I am using this code to get the results of a query
s = Search(using=es, index='project', doc_type='docs')
s = s.fields(['text'])
txt = [h.text[0] for h in s.scan()]
but it takes forever to get the dataset this way when I have over 1 mil records. What is the better way to fetch such large dataset using elasticsearch-dsl?

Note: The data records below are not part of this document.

Lemma lipschitz_lip_weight (fv : {set V} -> R) v u (A A' : {set V}) :
  lipschitz e fv (K v) v -> 0 <= K v -> ~~ e v v ->
  (A :\: A') :|: (A' :\: A) \subset [set v; u] ->
  `|fv (A :&: nbhd e v) - fv (A' :&: nbhd e v)| <= lip_weight v u.
Proof.
move=> lip Kv evv sub; apply: le_trans (lip _ _ (subsetIr _ _) (subsetIr _ _)) _.
rewrite /lip_weight mulrAC ler_wpM2l ?divr_ge0 ?ler0n // ler_nat.
have symdiff_sub : let A1 := A :&: nbhd e v in let A1' := A' :&: nbhd e v in
    (A1 :\: A1') :|: (A1' :\: A1) \subset if e v u then [set u] else set0.
  apply/subsetP => x Hx.
  have [evx xAA'] : e v x /\ x \in (A :\: A') :|: (A' :\: A).
    by move: Hx; rewrite !inE; case: (e v x); rewrite ?andbF ?andbT.
  move/(subsetP sub): xAA'; rewrite !inE => /orP [/eqP xv | /eqP xu].
    by move: evx; rewrite xv (negbTE evv).
  by rewrite -xu evx inE.
apply: leq_trans (subset_leq_card symdiff_sub) _.
by case: (e v u); rewrite ?cards1 ?cards0.
Qed.

End LipschitzWeight.

Section RandomBijection.
Variables (R : nmodType) (T V : finType).
Local Notation injectives := [set w : {ffun T -> V} | injectiveb w].

Lemma perm_transitive_pairs (a b a' b' : T) : a != b -> a' != b' ->
  exists s : {perm T}, s a' = a /\ s b' = b.
Proof.
move=> ab ab'; set b2 := tperm a' a b'.
have b2a : b2 != a by rewrite /b2 -{2}(tpermL a' a) (inj_eq perm_inj) eq_sym.
exists (tperm a' a * tperm b2 b)%g; rewrite !permM tpermL; split.
  by rewrite tpermD // eq_sym.
by rewrite -/b2 tpermL.
Qed.

Lemma sum_injective_pair_eq (F : V -> V -> R) (a b a' b' : T) :
  a != b -> a' != b' ->
  \sum_(w in injectives) F (w a) (w b) = \sum_(w in injectives) F (w a') (w b').
Proof.
move=> ab ab'; have [s [sa sb]] := perm_transitive_pairs ab ab'.
pose compose_s (w : {ffun T -> V}) := [ffun x => w (s x)].
have compose_s_inj : injective compose_s.
  move=> w1 w2 /ffunP E; apply/ffunP => x.
  by have := E ((s^-1)%g x); rewrite !ffunE permKV.
rewrite [RHS](reindex_inj compose_s_inj) /=.
apply: eq_big => w; last by move=> _; rewrite !ffunE sa sb.
rewrite !inE; apply/injectiveP/injectiveP => w_inj x y; rewrite ?ffunE.
  by move/w_inj/perm_inj.
move=> wxy; apply: (can_inj (permKV s)); apply: w_inj.
by rewrite !ffunE !permKV.
Qed.

Lemma sum_bijective_pairs (F : V -> V -> R) (w : T -> V) : bijective w ->
  \sum_a \sum_b F (w a) (w b) = \sum_x \sum_y F x y.
Proof.
move=> w_bij; rewrite [RHS](reindex w) /=; last exact/onW_bij.
by apply: eq_bigr => a _; rewrite [RHS](reindex w) //; exact/onW_bij.
Qed.

Lemma sum_injective_offdiag (F : V -> V -> R) (a b : T) :
  #|T| = #|V| -> (forall x, F x x = 0) -> a != b ->
  (\sum_(w in injectives) F (w a) (w b)) *+ (#|T| * #|T|.-1) =
  (\sum_x \sum_y F x y) *+ #|injectives|.
Proof.
move=> cardTV Fxx ab.
transitivity (\sum_a' \sum_(b' | b' != a') \sum_(w in injectives) F (w a') (w b')).
  have row_sum a' : \sum_(b' | b' != a') \sum_(w in injectives) F (w a') (w b') =
      (\sum_(w in injectives) F (w a) (w b)) *+ #|T|.-1.
    rewrite -(cardC1 a') -sumr_const.
    apply: eq_big => [b' | b' b'a]; first by rewrite !inE.
    by apply: sum_injective_pair_eq; rewrite // eq_sym.
  by under [RHS]eq_bigr do rewrite row_sum; rewrite sumr_const -mulrnA mulnC.
under eq_bigr do rewrite exchange_big; rewrite exchange_big -sumr_const /=.
apply: eq_bigr => w; rewrite inE => /injectiveP w_inj.
rewrite -(sum_bijective_pairs _ (inj_card_bij w_inj (eq_leq (esym cardTV)))).
by apply: eq_bigr => a' _; rewrite [in RHS](bigD1 a') //= Fxx add0r.
Qed.

End RandomBijection.

Section PartitionAverage.
Variables (R : realFieldType) (V : finType) (n p q : nat).
Variables (e : rel V) (f : V -> {set V} -> R) (K : V -> R).
Hypotheses (card_V : #|V| = ((p + q) * n)%N) (e_irrefl : forall v, ~~ e v v).
Hypotheses (K_ge0 : forall v, 0 <= K v) (f_lip : forall v, lipschitz e (f v) (K v) v).

Local Notation r := (p + q)%N.
Local Notation Pos := ('I_n * 'I_r)%type.
Local Notation c := (lip_weight e K).

Lemma card_Pos : #|{: Pos}| = #|V|.
Proof. by rewrite card_prod !card_ord card_V mulnC. Qed.

Lemma norm_sum_sgn_le (w : {ffun Pos -> V}) i0 j0 : injective w ->
  `|\sum_(B in Bvecs n r p) sgn R p q (Tset w B) (w (i0, j0)) *
        f (w (i0, j0)) (Tset w B :&: nbhd e (w (i0, j0)))|
  <= \sum_(B in Bvecs n r p | j0 \in B i0) \sum_(u in ~: B i0) c (w (i0, j0)) (w (i0, u)).
Proof.
move=> w_inj.
have sgnE B : sgn R p q (Tset w B) (w (i0, j0)) = if j0 \in B i0 then q%:R else - p%:R.
  by rewrite /sgn mem_Tset.
under eq_bigr do rewrite sgnE.
rewrite switching_identity; apply: le_trans (ler_norm_sum _ _ _) _.
apply: ler_sum => B _; apply: le_trans (ler_norm_sum _ _ _) _.
apply: ler_sum => u _; apply: lipschitz_lip_weight => //.
exact: Tset_swapB_symdiff.
Qed.
(* Let $V$ be a real bounded sequence with $V_n\ge C$ for all $n\ge1$, for some $C>0$, and $n(V_{n+1}-V_n)\in\ell^1$. Let $b_n=V_n+2$, $S_n=\frac12\big(V_n+2+\sqrt{V_n(V_n+4)}\big)$, and let $z_n$, $C_z$, $\phi^\pm$, $\widetilde V$ be as defined below. Then: (a) $S_{n+1}-S_n\in\ell^1$; (b) $V_n$ converges to a nonzero limit $V_\infty$, and the infinite product defining $C_z$ converges to a finite nonzero number, so $C_z$ is well defined; (c) $z_nz_{n+1}=1/\sqrt{V_{n+1}(V_{n+1}+4)}$ and $z_m-[V_\infty(V_\infty+4)]^{-1/4}\in\ell^1$ (as a sequence in $m$); (d) $\lim_{n\to\infty}\widetilde V_n=V_\infty$, and the Green matrix $G_{mn}=\phi^+_{\min(m,n)}\phi^-_{\max(m,n)}$ of $-\Delta+\widetilde V$ and the product $\phi^+_n\phi^-_n$ are uniformly bounded; (e) $\widetilde V_n-V_n\in\ell^1$, and consequently (taking $\widetilde V$ as comparison potential) $(-\Delta+V)\psi=0$ has a solution $\psi^-$ with $\psi^-_n=\phi^-_n+r_n\max_{k\ge n}|\phi^-_k|$, where $r_n\to0$.
   Context: $(\Delta f)_n=f_{n+1}+f_{n-1}-2f_n$; $(-\Delta+V)\psi=0$ means $-\psi_{n+1}-\psi_{n-1}+(2+V_n)\psi_n=0$. Note $b_n^2-4=V_n(V_n+4)$. Define $C_z:=\big(V_\infty(V_\infty+4)\big)^{-1/4}\prod_{m=1}^\infty\sqrt{\frac{V_{2m}(V_{2m}+4)}{V_{2m-1}(V_{2m-1}+4)}}$ and, for $n\ge1$, $z_n:=C_z^{(-1)^n}\Big(\frac{\prod_{1\le k\le n-1,\,k\equiv n-1\ (\mathrm{mod}\ 2)}(b_k^2-4)}{\prod_{1\le k\le n,\,k\equiv n\ (\mathrm{mod}\ 2)}(b_k^2-4)}\Big)^{1/2}$ (the factor alternates between $C_z$ and $C_z^{-1}$). Set $\phi^\pm_n=z_n\prod_{\ell=1}^nS_\ell^{\pm1}$ and $\widetilde V_n=\frac{z_{n+1}}{z_n}S_{n+1}+\frac{z_{n-1}}{z_nS_n}-2$ (so that $(-\Delta+\widetilde V)\phi^\pm=0$). *)

From Stdlib Require Import Reals Lra.
From Coquelicot Require Import Coquelicot.
Open Scope R_scope.

(* Sequences are indexed by nat; index n corresponds to the paper's n (>= 1).
   The value at index 0 is never used by the definitions below except where noted. *)

Fixpoint prodR (f : nat -> R) (n : nat) : R :=
  match n with
  | O => 1
  | S k => prodR f k * f (S k)
  end.

(* prodPar f n = product of f k over 1 <= k <= n with k = n (mod 2) *)
Definition prodPar (f : nat -> R) (n : nat) : R :=
  prodR (fun k => if Bool.eqb (Nat.even k) (Nat.even n) then f k else 1) n.

Definition bseq (V : nat -> R) (n : nat) : R := V n + 2.

Definition Sseq (V : nat -> R) (n : nat) : R :=
  (V n + 2 + sqrt (V n * (V n + 4))) / 2.

(* V_infinity := lim V_n (as a real; part (b) asserts the limit exists). *)
Definition Vinf (V : nat -> R) : R := real (Lim_seq V).

Definition Cz_partial (V : nat -> R) (N : nat) : R :=
  prodR (fun m => sqrt ((V (2 * m)%nat * (V (2 * m)%nat + 4)) /
                        (V (2 * m - 1)%nat * (V (2 * m - 1)%nat + 4)))) N.

Definition Cz (V : nat -> R) : R :=
  Rpower (Vinf V * (Vinf V + 4)) (- (1 / 4)) * real (Lim_seq (Cz_partial V)).

(* z_n = C_z^{(-1)^n} ( prod_{1<=k<=n-1, k = n-1 mod 2} (b_k^2-4)
                        / prod_{1<=k<=n, k = n mod 2} (b_k^2-4) )^{1/2}.
   (Used for n >= 1; at n = 0 the same formula gives z_0 = C_z.) *)
Definition zseq (V : nat -> R) (n : nat) : R :=
  (if Nat.even n then Cz V else / Cz V) *
  sqrt (prodPar (fun k => bseq V k ^ 2 - 4) (n - 1)%nat /
        prodPar (fun k => bseq V k ^ 2 - 4) n).

Definition phiP (V : nat -> R) (n : nat) : R := zseq V n * prodR (Sseq V) n.
Definition phiM (V : nat -> R) (n : nat) : R :=
  zseq V n * prodR (fun l => / Sseq V l) n.
Theorem mainTheorem6 (R : realType) (X : completeNormedModType R) :
  dense (@Sm R X) -> Gdelta (@Sm R X) ->
  forall T : {linear X -> X}, continuous T ->
  (forall x : X, Sm x -> preserves_BJ_at T x) ->
  exists2 lam : R, 0 <= lam & forall x : X, `|T x| = lam * `|x|.
Proof.
move=> Sm_dense _ T T_cont T_pres.
pose g u := `|T u|.
have g_cont : continuous g.
  by move=> x; apply: continuous_comp; [exact: T_cont | exact: norm_continuous].
have g_hom c u : g (c *: u) = `|c| * g u by rewrite /g linearZ normrZ.
have Sm_supported x : Sm x -> ratio_supported g x.
  move=> Sm_x; have [f f_norming] := smooth_norming Sm_x.
  by exists f => //; exact: norming_ratio_supported (T_pres x Sm_x).
have ratio_eq a b : a != 0 -> b != 0 -> g a / `|a| = g b / `|b|.
  move=> a_neq0 b_neq0; apply/eqP; rewrite eq_le.
  by rewrite !(ratio_le Sm_dense Sm_supported (fun u => normr_ge0 _) g_cont g_hom).
have [[x0 x0_neq0]|X_trivial] := boolp.pselect (exists x0 : X, x0 != 0).
  exists (g x0 / `|x0|); first exact: divr_ge0 (normr_ge0 _) (normr_ge0 _).
  move=> x; have [->|x_neq0] := eqVneq x 0; first by rewrite linear0 normr0 mulr0.
  by rewrite -(ratio_eq x) // divfK // normr_eq0.
exists 0 => // x; have [->|x_neq0] := eqVneq x 0; first by rewrite linear0 normr0 mulr0.
by case: X_trivial; exists x.
Qed.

scan is definitely the best way to get 200k records out of elasticsearch. If it's taking a long time it's most likely because of small size used. To adjust that you can do:
s = Search(using=es, index='project', doc_type='docs')
s = s.fields(['text'])
txt = [h.text[0] for h in s.params(size=1000).scan()]
Note that this can also be solved by upgrading elasticsearch-py to newest version since there the default is set to more reasonable 1000.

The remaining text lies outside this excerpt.